Along with helping a co-worker transfer music from one mobile device to another, Mr. Carneal said he has often been summoned to desks to troubleshoot. A common query, he said: “What’s this popping up on the screen? Am I allowed to touch this?”
“It’s head-scratching moments,” he said.
While getting interrupted with tech questions isn’t always welcome, young people are often pleased to help and see a plus: more face-time with their superiors.
In Maryland, Ms. Schurick , the law clerk, said the new computer system at the courthouse has prompted more interaction with her boss, a judge more than twice her age.
“Lately, it’s been a lot of over-the-shoulder interactions, showing her step by step on the computer,” said Ms. Schurick, who has been clicking on keyboards since elementary school.

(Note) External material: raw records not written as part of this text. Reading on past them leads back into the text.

(* Let $\mathbf V$ be a variety of aperiodic monoids that does not contain the monoid $S(xyx)$. Suppose that $\mathbf V$ is not hereditarily finitely based. Then $\mathbf V$ satisfies either the identity $xyx\approx xyx^2$ or the identity $xyx\approx x^2yx$.
   Context: Monoid varieties are varieties of monoids considered as algebras with multiplication and a nullary operation for the identity element. A monoid is aperiodic if all its subgroups are trivial. A variety is hereditarily finitely based if all its subvarieties have a finite basis of identities. Let $F^1$ be the free monoid over a countably infinite alphabet; $S(xyx)$ is the Rees quotient monoid of $F^1$ over the ideal of all words that are not subwords of $xyx$. *)

From mathcomp Require Import all_boot.
Set Implicit Arguments. Unset Strict Implicit. Unset Printing Implicit Defensive.

Record Monoid := {
  mcarrier :> Type;
  mmul : mcarrier -> mcarrier -> mcarrier;
  mone : mcarrier;
  mmulA : forall a b c, mmul a (mmul b c) = mmul (mmul a b) c;
  mmul1 : forall a, mmul mone a = a;
  mmul_1 : forall a, mmul a mone = a }.

(** Words over the countably infinite alphabet nat: elements of F^1. *)
Definition word := seq nat.
Definition identity := (word * word)%type.

Definition weval (M : Monoid) (phi : nat -> M) (w : word) : M :=
  foldr (fun a acc => mmul (phi a) acc) (mone M) w.

Definition msat (M : Monoid) (i : identity) : Prop :=
  forall phi : nat -> M, weval phi i.1 = weval phi i.2.

(** A monoid is aperiodic if all its subgroups are trivial: every subset G
    closed under multiplication which forms a group (with some identity e
    in G, not necessarily the identity of M) has at most one element. *)
Definition subgroup_of (M : Monoid) (G : M -> Prop) : Prop :=
  (forall a b, G a -> G b -> G (mmul a b)) /\
  exists e, G e /\
    (forall a, G a -> mmul e a = a /\ mmul a e = a) /\
    (forall a, G a -> exists b, G b /\ mmul a b = e /\ mmul b a = e).

Definition aperiodic (M : Monoid) : Prop :=
  forall G : M -> Prop, subgroup_of G -> forall a b, G a -> G b -> a = b.

(** A monoid variety, given (Birkhoff) as the class of models of a set of
    identities. *)
Definition variety := identity -> Prop.

Definition in_var (V : variety) (M : Monoid) : Prop :=
  forall i, V i -> msat M i.

Definition var_sat (V : variety) (i : identity) : Prop :=
  forall M : Monoid, in_var V M -> msat M i.

Definition subvariety (U V : variety) : Prop :=
  forall M : Monoid, in_var U M -> in_var V M.

Definition finitely_based (V : variety) : Prop :=
  exists B : seq identity,
    forall M : Monoid, in_var V M <-> (forall i, i \in B -> msat M i).

Definition hereditarily_finitely_based (V : variety) : Prop :=
  forall U : variety, subvariety U V -> finitely_based U.

Definition aperiodic_variety (V : variety) : Prop :=
  forall M : Monoid, in_var V M -> aperiodic M.

(** * The monoid S(xyx): Rees quotient of F^1 by the ideal of all words that
    are not subwords (factors) of xyx.  Letters: x = 0, y = 1.
    Elements: Some w with w a factor of xyx, and None = the zero (the ideal). *)
Definition xyx : word := [:: 0; 1; 0].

Of course, the passing of wisdom can go both ways. Earlier this year, 23-year-old Ms. Lagreca, of Northwind Strategies in Boston, was asked to send a fax to a news station whose email was down in a winter storm. “I had never done it before,” she said.
Mr. Carpman, the partner, peeked his head out of his office to witness the milestone and offer help. He guided her, teaching her to put the paper in the feeder faceup. She vaguely recognized the squawking sound of the fax machine’s dial-up connection from childhood. A small audience gathered.
“Everyone thought it was a riot,” she said.